"The Breakfast Club" co-host DJ Envy agrees with Donald Trump that Stop and Frisk policing is not unconstitutional.
DJ Envy attends the iHeartRadio Music Festival after party at Jewel Nightclub at the Aria Resort & Casino, Sept. 24, 2016, in Las Vegas. Photo by Bryan Steffy/Getty Images for iHeartMedia

Stop-and frisk policing tactics "had a tremendous impact on the safety of New York City," Donald Trump told Hillary Clinton Monday during the first presidential debate before he suggested that other cities follow the strategy to help reduce crime. The practice was not unconstitutional, the Republican nominee added.

Stop-and-frisk was deemed unconstitutional in 2013 by U.S. District Court Judge Shira A. Scheindlin, but Trump isn't the only person who had kind words for the policing method that was found to disproportionately target, arrest and incarcerate young black and Latino men.
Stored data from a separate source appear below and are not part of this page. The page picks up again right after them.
Lemma real_equiv_trans : transitive real_equiv.
Proof.
move=> q p r /asboolP Hpq /asboolP Hqr; apply/asboolP; exact: rst_trans Hpq Hqr.
Qed.

Definition real_equiv_rel := EquivRel real_equiv real_equiv_refl
  real_equiv_sym real_equiv_trans.

Definition realisation : topologicalType :=
  quotient_topology {eq_quot real_equiv_rel}.

End Realisation.

Definition contractible (R : realType) (X : topologicalType) : Prop :=
  exists (x0 : X) (H : X * R -> X),
    [/\ {within [set p : X * R | p.2 \in `[0, 1]], continuous H},
        forall x, H (x, 0) = x &
        forall x, H (x, 1) = x0].

(* |Gamma_g| is contractible because Gamma_g is a cone.

   The edge relation of g is itself a linear order L_g on A (g is a complete
   acyclic graph).  Prepending L_g to a simplex x of Gamma_g keeps it in
   Gamma_g: on an edge a -> b of g the new weight w(a,b) grows by at most one,
   and it grows only when the first order of x has b before a, in which case
   gamma(x) <= g already bounds w_x(a,b) strictly by the weight of a -> b.
   Hence Gamma_g is a cone with apex the vertex [:: L_g].

   The section Cone shows that the realisation of any cone P with apex L
   is contractible: the homotopy sends the point t of the simplex y, at time
   s, to the point of the simplex L :: y at height s above t. *)

From mathcomp Require Import all_boot all_order all_algebra interval_inference.
From mathcomp Require Import generic_quotient all_classical all_reals.
From mathcomp Require Import topology_structure product_topology function_spaces
  subspace_topology subtype_topology sigT_topology quotient_topology
  num_topology order_topology nat_topology normedtype initial_topology compact
  pseudometric_structure.
From Stdlib Require Import Relations.Relation_Operators.

Set Implicit Arguments.
Unset Strict Implicit.
Unset Printing Implicit Defensive.
Import numFieldTopology.Exports numFieldNormedType.Exports.
Import Order.TTheory GRing.Theory Num.Theory Itv.Exports.

Section LinearOrders.
Variable A : finType.
Implicit Types (L : linord A) (a b c : A).

Lemma lt_lo_irr L a : ~~ lt_lo L a a.
Proof. by have /and3P [/forallP irr _ _] := valP L; exact: irr. Qed.

Lemma lt_lo_trans L a b c : lt_lo L a b -> lt_lo L b c -> lt_lo L a c.
Proof.
have /and3P [_ /forallP tr _] := valP L => hab hbc.
by move: (tr a) => /forallP /(_ b) /forallP /(_ c) /implyP; apply; apply/andP.
Qed.

Lemma lt_lo_total L a b : a != b -> lt_lo L a b || lt_lo L b a.
Proof.
have /and3P [_ _ /forallP tot] := valP L => nab.
by move: (tot a) => /forallP /(_ b) /implyP; apply.
Qed.

Lemma lt_lo_asym L a b : a != b -> lt_lo L b a = ~~ lt_lo L a b.
Proof.
move=> nab; case hab: (lt_lo L a b) => /=.
  by apply/negP => hba; move: (lt_lo_irr L a); rewrite (lt_lo_trans hab hba).
by move: (lt_lo_total L nab); rewrite hab.
Qed.

Lemma weight_sym (x : seq (linord A)) a b : a != b -> weight x a b = weight x b a.
Proof.
move=> nab; rewrite /weight; congr (_ + _); apply: eq_count => p /=.
by rewrite !(lt_lo_asym _ nab); case: (lt_lo p.1 a b); case: (lt_lo p.2 a b).
Qed.

Lemma weight_cons2 L L0 y a b :
  weight [:: L, L0 & y] a b = (lt_lo L a b != lt_lo L0 a b) + weight (L0 :: y) a b.
Proof. by rewrite /weight /= addnCA. Qed.

End LinearOrders.

Section GraphOrder.
Variables (A : finType) (n : nat) (g : wgraph A).
Hypothesis g_Gn : in_Gn n g.

(* An acyclic complete directed graph is the "less than" relation of a linear
   order: transitivity is acyclicity of 2- and 3-cycles. *)
Lemma graph_is_linord : is_linord [ffun p : A * A => wdir g p.1 p.2].
Proof.
case: g_Gn => irr tourn _ acyc; apply/and3P; split.
- by apply/forallP => a; rewrite ffunE.
- apply/forallP => a; apply/forallP => b; apply/forallP => c; rewrite !ffunE /=.
  apply/implyP => /andP [hab hbc]; have [eac|nac] := eqVneq a c.
    subst c; by have := acyc a [:: b; a] isT; rewrite /= hab hbc eqxx => /(_ isT).
  move: (tourn a c nac); case: (wdir g a c) => //= hca.
  by have := acyc a [:: b; c; a] isT; rewrite /= hab hbc hca eqxx => /(_ isT).
- apply/forallP => a; apply/forallP => b; apply/implyP => nab; rewrite !ffunE /=.
  by move: (tourn a b nab); case: (wdir g a b).
Qed.

Definition graph_linord : linord A :=
  exist (fun f => is_linord f) _ graph_is_linord.

Lemma lt_graph_linord a b : lt_lo graph_linord a b = wdir g a b.
Proof. by rewrite /lt_lo /= ffunE. Qed.

(* An edge a -> b of g on which L_0 disagrees gets
   its weight raised by one, but then gamma(y) already had b -> a dominated
   strictly by a -> b in g. *)
Lemma Gamma_g_cone y : Gamma_g g y -> Gamma_g g (graph_linord :: y).
Proof.
case: g_Gn => irr tourn _ _; case: y => [|L0 y] //= /andP [_ /forallP le_y].
apply/andP; split => //; apply/forallP => a; apply/forallP => b.
rewrite /= lt_graph_linord; apply/implyP => gab.
have nab : a != b by apply: contraTneq gab => ->; rewrite irr.
have gba : wdir g b a = false.
  by move: (tourn a b nab); rewrite gab; case: (wdir g b a).
rewrite gab gba /= orbF weight_cons2 lt_graph_linord gab.
case h: (lt_lo L0 a b) => /=.
  by move: (le_y a) => /forallP /(_ b) /implyP /(_ h); rewrite /= gab gba /= orbF.
have hba : lt_lo L0 b a by rewrite (lt_lo_asym _ nab) h.
move: (le_y b) => /forallP /(_ a) /implyP /(_ hba); rewrite /= gab gba /=.
by rewrite add1n weight_sym // eq_sym.
Qed.

(* The apex itself is a vertex of Gamma_g, as all weights of g are >= 1. *)
Lemma Gamma_g_apex : Gamma_g g [:: graph_linord].
Proof.
case: g_Gn => _ _ wts _; apply/andP; split => //.
apply/forallP => a; apply/forallP => b; rewrite /= lt_graph_linord.
by apply/implyP => gab; rewrite gab /= /weight /=; case/andP: (wts a b gab) => ->.
Qed.

End GraphOrder.

Local Open Scope classical_set_scope.
Local Open Scope ring_scope.
Local Open Scope quotient_scope.

(** * Two continuity principles for maps out of a product with the real line *)

Section ProductWithLine.
Variable R : realType.

(* A map out of (quotient of T) x R is continuous as soon as its lift to
   T x R is: since R is locally compact, q x id_R is again a quotient map.
   The proof is the tube lemma over a compact interval around s0. *)
Lemma quotient_prodR_continuous (T Z : topologicalType) (Q : quotType T)
    (h : quotient_topology Q * R -> Z) :
  continuous (fun ts : T * R => h (\pi ts.1, ts.2)) -> continuous h.
Proof.
move=> lift_cts [x s0] U; rewrite nbhsE => -[O [oO Ox] OU].
have [t0 xE] : exists t0 : T, x = \pi t0 by exists (repr x); rewrite reprK.
rewrite {}xE in Ox *.
have [[B C] /= [Bt0 Cs0] BCO] :
    nbhs (t0, s0) ((fun ts : T * R => h (\pi ts.1, ts.2)) @^-1` O).
  exact/lift_cts/open_nbhs_nbhs.
have [r KC] := (nbhs_closedballP C s0).1 Cs0; set K := closed_ball s0 r%:num in KC.
have cK : compact K by apply: closed_ballR_compact.
(* V is the set of points whose whole segment {x'} x K is mapped into O. *)
pose V : set (quotient_topology Q) := [set x' | forall s, K s -> O (h (x', s))].
have oV : open V.
  rewrite /open /= /quotient_open openE => t Vt.
  (* each (t, s) with s in K has a box neighbourhood mapped into O; compactness
     of K makes the t-component uniform *)
  have cover s : K s -> \forall s' \near s & t' \near t, O (h (\pi t', s')).
    move=> Ks; have [[B' C'] /= [Bt Cs] BCO'] :=
      lift_cts (t, s) _ (open_nbhs_nbhs (conj oO (Vt s Ks))).
    by exists (C', B') => // -[s' t'] [/= Cs' Bt']; exact: (BCO' (t', s')).
  have near_K := (compact_near_coveringP K).1 cK _ (nbhs t)
    (fun t' s => O (h (\pi t', s))) (nbhs_filter t) cover.
  by rewrite /interior; apply: filterS near_K => t' Kt' s Ks; apply: Kt'.
have Vx : V (\pi t0).
  by move=> s Ks; apply: (BCO (t0, s)); split; [exact: nbhs_singleton | exact: KC].
exists (V, ball s0 r%:num) => /=.
  by split; [exact: open_nbhs_nbhs | exact: nbhsx_ballx].
by move=> [x' s'] /= [Vx' bs']; apply/OU/Vx'/subset_closed_ball.
Qed.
New York City radio personality DJ Envy apparently supports it, too.

While discussing race relations Tuesday morning on the 105.1 "The Breakfast Club" radio show, Envy told his co-host Charlamagne Tha God that stop-and-frisk “got a lot of guns off the streets” before he went on to explain the only reason the program failed was because of the “NYPD was doing it unconstitutional.”

“[NYPD] were stop and frisking anybody and didn’t do areas where there was a lot of crime in those areas. They said that if was done the right way, it probably would be a lot higher. But they did get a lot of guns off the streets regardless, even if you could say it’s one percent or .1 percent, they got tons of guns off the street, which is the most important thing,” Envy said.

Envy's statement put him in the hot seat on Twitter, where many of his followers voiced their disapproval for his comments and called the Queens native out of touch.

A report by the New York Civil Liberties Union said that more than 5 million innocent people have been involved in stop-and-frisk measures since 2002. In 2013, when stop-and-frisk was first ruled unconstitutional, New Yorkers were stopped by the police 191,558 times. 54 percent of Stop and Frisk instances involved black people while Hispanics accounted for 29 percent. Only 11 percent of stop-and-frisk incidents in New York in 2013 involved white people. While the data does not break down how many of people from specific races were innocent, the report said that 88 percent of people overall searched during Stop and Frisk procedures in 2013 were innocent.

When Scheindlin ruled the controversial procedure unconstitutional, the administration of then-Mayor Michael R. Bloomberg filed an appeal. However, the appeal was suspended by the Second Circuit Court of Appeals and the matter was returned to be approved by a different judge, but the request to cancel Scheindlin’s decision was denied. The administration of current New York City Mayor Bill de Blasio eventually dropped the appeal completely and Schedindlin’s unconstitutional ruling remained.